Experiment 2: Temporal perception of artificial stimuli undergoing biological and nonbiological motion
In this experiment, we investigated the importance of the stimuli being natural and biological for perception of temporal alignment, repeating Experiment 1 with simplified “artificial” stimuli (for more details, see Methods). Examples of stimuli in which the oscillating visual tokens followed biological drumming movements can be seen in Movie 2, whereas examples in which the oscillating visual tokens followed nonbiological (triangular wave) drumming movements can be seen in Movie 3. PSSs for these stimuli were calculated by using the same procedure used in Experiment 1
The results (Figure 4) show that the optimal delays to perceive audiovisual synchrony were very similar for the three conditions. Red symbols show results for stimuli where the oscillating disk followed the same trajectory as the real motion, whereas green symbols refer to triangular wave (constant speed) motion. Black symbols show real drummer motion, taken from Figure 3. The results were similar but not identical for the three conditions: Best perceived simultaneity was always obtained by delaying the auditory pattern relative to the visual pattern, and the size of the optimal delay decreased as the drumming tempo increased. This relationship was characterized quantitatively by the best linear fits whose slopes range on average from 11.5 to 13.5 ms/Hz. However, although the slopes were similar, the triangular oscillation required lower absolute values of delay for subjective simultaneity than the other two conditions [statistically significant on a repeated measures one-way ANOVA, F(2,8) = 18.8, p < .01, followed by a multiple-comparison procedure, Holm–Sidak method]. For the two conditions where the motion followed the natural drumming motion, the slopes and absolute positions of the curves were similar (no statistically significant difference).  
Figure 4
 
Delay that best supports perceptual synchrony for three different types of motion: disk stimuli of constant speed (green symbols), disk stimuli with human motion dynamics (red symbols), and real human motion (black symbols). The results for real and artificial motion with very similar dynamics were very similar, whereas those for constant speed oscillations showed systematically less asynchrony.
Figure 4
 
Delay that best supports perceptual synchrony for three different types of motion: disk stimuli of constant speed (green symbols), disk stimuli with human motion dynamics (red symbols), and real human motion (black symbols). The results for real and artificial motion with very similar dynamics were very similar, whereas those for constant speed oscillations showed systematically less asynchrony.
Thus, the perceptual asynchronies for real biological motion were the same as that for artificial biological motion of matched trajectories. Changing the trajectories to constant speed triangular waveforms produced less, not more, perceptual asynchrony. This result differs from that of Aymoz and Viviani (2004) for asynchronies between the visual attributes of motion and color. 

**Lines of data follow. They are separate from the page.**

Lemma candidates_card v : ds v = i -> #|region v :|: twins v| <= 2 * D ^ (4 * l + 8).
Proof.
move=> dv; apply: leq_trans (leq_card_setU _ _).1 _; rewrite mul2n -addnn leq_add //.
  apply: leq_trans (ltnW (region_card dv)) _; rewrite leq_pexp2l ?(ltnW D2) //; lia.
by apply: leq_trans (twins_card dv) _; rewrite leq_pexp2l ?(ltnW D2) //; lia.
Qed.

Lemma new_edge_candidates x y : ds y = i -> ds x <= i -> e x y -> x \in region y :|: twins y.
Proof.
move=> dy le_xi exy.
have le_ix : i <= (ds x).+1 by rewrite -dy; exact: (gdist_root_edge s Hcon exy).
have yx : connect (adj_ge e s k.-1) y x.
  by apply: connect1; rewrite /adj_ge -Hsym exy !inE dy /new_layer in le_ix *; lia.
have [dx|dx] := eqVneq (ds x) i.
  apply/setUP; right; rewrite /twins !inE dx eqxx; apply/eqP/setP => u; rewrite !inE.
  congr (_ && _); apply/idP/idP; first exact: connect_trans.
  by apply: connect_trans; rewrite adj_ge_sym.
by apply/setUP; left; rewrite inE yx andbT; apply/eqP; lia.
Qed.

Lemma G_ind_succ x y : G_ind e s i.+1 x y =
  [|| Gi x y, [&& y \in L i, x \in region y :|: twins y & e x y]
    | [&& x \in L i, y \in region x :|: twins x & e y x]].
Proof.
have cand_layer (u v : V) : u \in region v :|: twins v -> ds u <= i.
  by rewrite !inE => /orP [] /andP [/eqP -> _] //; apply: leq_pred.
apply/idP/idP => [/and3P [exy lt_x lt_y]|].
  rewrite !inE !ltnS in lt_x lt_y; have [dy|dy] := eqVneq (ds y) i.
    by apply/or3P/Or32; rewrite inE dy eqxx new_edge_candidates.
  have [dx|dx] := eqVneq (ds x) i.
    by apply/or3P/Or33; rewrite inE dx eqxx new_edge_candidates // Hsym.
  by apply/or3P/Or31; rewrite /G_ind exy !inE; apply/andP; split; lia.
case/or3P => [|/and3P [dy /cand_layer le_xi exy]|/and3P [dx /cand_layer le_yi eyx]];
  rewrite /G_ind !inE ?ltnS.
- by case/and3P => -> lt_x lt_y; rewrite ltnW // ltnW.
- by rewrite inE in dy; rewrite exy le_xi (eqP dy) leqnn.
- by rewrite inE in dx; rewrite Hsym eyx le_yi (eqP dx) leqnn.
Qed.

Lemma reconstruct_spec : let r := run dist (reconstruct L l k Gi TP) in
  r.1 =2 G_ind e s i.+1 /\
  r.2 <= #|L i| * (D ^ (l + 2) * (trunc_log 2 #|V|).+1 + 2 * D ^ (4 * l + 8)).
Proof.
rewrite /reconstruct run_bind run_mapQ /= run_bind run_ask_filter /= addn0.
set vs := enum (L i).
have located v : v \in vs ->
    let r := run dist (locate L l k Gi TP v #|V|.+1 (L i.-1)) in
    r.1 = region v /\ r.2 <= D ^ (l + 2) * (trunc_log 2 #|V|).+1.
  by rewrite mem_enum inE => /eqP; apply: locate_region.
set rs := [seq _ | v <- vs].
have lookupE v : v \in vs -> lookup vs rs v = region v.
  by move=> v_in; rewrite /lookup (nth_map v) ?index_mem // nth_index //; case: (located v v_in).
have twinsE v : v \in vs -> [set w in L i | lookup vs rs w == lookup vs rs v] = twins v.
  move=> v_in; apply/setP => w; rewrite !inE; case w_in: (_ == i) => //=.
  by rewrite !lookupE // /vs mem_enum inE w_in.
have candE v u :
    (v \in L i) && (u \in lookup vs rs v :|: [set w in L i | lookup vs rs w == lookup vs rs v])
    = (v \in L i) && (u \in region v :|: twins v).
  case v_in: (v \in L i) => //=.
  have v_vs : v \in vs by rewrite /vs mem_enum.
  by rewrite twinsE // lookupE.
split.
  move=> x y; rewrite G_ind_succ !mem_filter /= !mem_candidate_pairs !candE !(gdist_eq1 Hcon Hirr).
  by rewrite [e x y && _]andbC [e y x && _]andbC !andbA orbA.
rewrite size_candidate_pairs mulnDr [#|L i|]cardE -/vs; apply: leq_add.
  by apply: sumn_map_leq => v /located [].
apply: sumn_map_leq => v v_in; rewrite twinsE // lookupE //.
by apply: candidates_card; move: v_in; rewrite mem_enum inE => /eqP.
Qed.

End Correctness.

Lemma INR_expn m t : INR (m ^ t) = pow (INR m) t.
Proof. by elim: t => [|t IH] //; rewrite expnS mult_INR IH. Qed.

Lemma ln_le (x y : R) : Rlt 0 x -> Rle x y -> Rle (ln x) (ln y).
Proof. by move=> x_gt0 [lt_xy|<-]; [apply/Rlt_le/ln_increasing | apply: Rle_refl]. Qed.

Lemma trunc_log2_ln n : 2 <= n -> Rle (INR (trunc_log 2 n).+1) (Rmult 4 (ln (INR n))).
Proof.
move=> n2; set t := trunc_log 2 n.
have INR2_gt0 : Rlt 0 (INR 2) by apply/lt_0_INR/ltP.
have t_ln : Rle (Rmult (INR t) (ln (INR 2))) (ln (INR n)).
  rewrite -ln_pow // -INR_expn; apply: ln_le; first by apply/lt_0_INR/ltP; rewrite expn_gt0.
  by apply/le_INR/leP; apply: trunc_logP => //; apply: leq_trans n2.
have ln2_n : Rle (ln (INR 2)) (ln (INR n)) by apply: ln_le => //; apply/le_INR/leP.
have ln2 : ln (INR 2) = ln 2 by rewrite INR_IZR_INZ.
have := ln_lt_2; have := pos_INR t; rewrite S_INR -ln2; nra.
Qed.

Definition reconstruction_procedure : Procedure := fun n inp =>
  reconstruct (in_layers inp) (in_ell inp) (in_k inp) (in_Gi inp) (in_Tparts inp).

Theorem mainTheorem6 :
  exists (C : R) (A : Procedure),
  forall (n : nat) (e : rel 'I_n) (s : 'I_n) (l k : nat),
    simple_graph e -> connected_graph e -> 2 <= n -> 2 <= maxdeg e ->
    tree_length_le e s l ->
    let i := k + l + 2 in
    let inp := mkInput l k (layer e s) (G_ind e s i)
                 (Tk_parts e s k) (Tk_edge e s k) in
    let r := run (gdist e) (A n inp) in
    r.1 =2 G_ind e s i.+1 /\
    Rle (INR r.2) (query_bound C n #|layer e s i| (maxdeg e) l).
Proof.
exists (IZR 4), reconstruction_procedure => n e s l k [Hsym Hirr] Hcon n2 D2 Htl i inp r.
have [edges cost] := reconstruct_spec k Hsym Hirr Hcon Htl D2.
split; first exact: edges.
rewrite card_ord in cost; rewrite /query_bound.
set Li := #|layer e s i|; set a := maxdeg e ^ (l + 2); set b := maxdeg e ^ (4 * l + 8).
have cost_r : (r.2 <= Li * (a * (trunc_log 2 n).+1 + 2 * b))%N := cost.
have := le_INR _ _ (leP cost_r); rewrite !mult_INR plus_INR !mult_INR [INR 2]/=.
have log_ln := Rmult_le_compat_l _ _ _ (pos_INR a) (trunc_log2_ln n2).
have inner : Rle (Rplus (Rmult (INR a) (INR (trunc_log 2 n).+1)) (Rmult (Rplus 1 1) (INR b)))
                 (Rmult 4 (Rplus (Rmult (INR a) (ln (INR n))) (INR b))).
  by have := pos_INR b; lra.
have := Rmult_le_compat_l _ _ _ (pos_INR Li) inner; lra.
Qed.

Ranges of perceived audiovisual synchrony
An index having the size of the temporal window where stimuli were perceived to be in synchrony is given by the width of the best-fitting Gaussians curves (for an example of these curves, see Figure 2). Figure 5 shows these ranges of apparent synchrony (±1 SD) from the averaged data of the condition with natural stimuli (viewpoint elevation of 0 deg) as well as those of the two conditions with artificial stimuli.  
Figure 5
 
Data from Experiments 1 and 2 showing the ranges of perceived synchrony (averaged across participants) for three different conditions: (A) natural stimuli, (B) artificial stimuli following the biological motion profile, and (C) artificial stimuli moving at constant speed. The blue stars indicate the PSS, whereas the red triangles delimit the ranges of perceived cross-modal synchrony. For all conditions, the visual and auditory streams were more likely perceived to be in phase when the sounds were delayed relative to the visual patterns. The range of auditory delays supporting perceptual synchrony reduced with drumming tempo and did so unilaterally with the upper bound decreasing but the lower bound remaining stable (see “real-world constraints” in Discussion).
Figure 5
 
Data from Experiments 1 and 2 showing the ranges of perceived synchrony (averaged across participants) for three different conditions: (A) natural stimuli, (B) artificial stimuli following the biological motion profile, and (C) artificial stimuli moving at constant speed. The blue stars indicate the PSS, whereas the red triangles delimit the ranges of perceived cross-modal synchrony. For all conditions, the visual and auditory streams were more likely perceived to be in phase when the sounds were delayed relative to the visual patterns. The range of auditory delays supporting perceptual synchrony reduced with drumming tempo and did so unilaterally with the upper bound decreasing but the lower bound remaining stable (see “real-world constraints” in Discussion).
For all three conditions, the ranges of delays supporting perceptual synchrony were mainly positive. Indeed, audiovisual synchrony was best obtained when the auditory stimuli were delayed relative to vision by as much as 150 ms for the 1-Hz condition but seldom when vision was delayed relative to audition. This indicates that synchrony perception can tolerate auditory delays but not visual delays. The range of delays supporting apparent synchrony depended on the drumming tempo, which is quite broad at 200 ms for 1 Hz and narrows to about 100 ms at 4 Hz. It is worth noting that it was the upper limit of the audiovisual synchrony range that reduced as drumming tempo increased. That the synchrony range is anchored at its negative extent is in line with previous data in the literature with both speech and nonspeech stimuli, showing more tolerance for perceptual integration for a late-arriving than for an early-arriving sound (Dixon & Spitz, 1980; Jaskowski, 1996; McGrath & Summerfield, 1985). 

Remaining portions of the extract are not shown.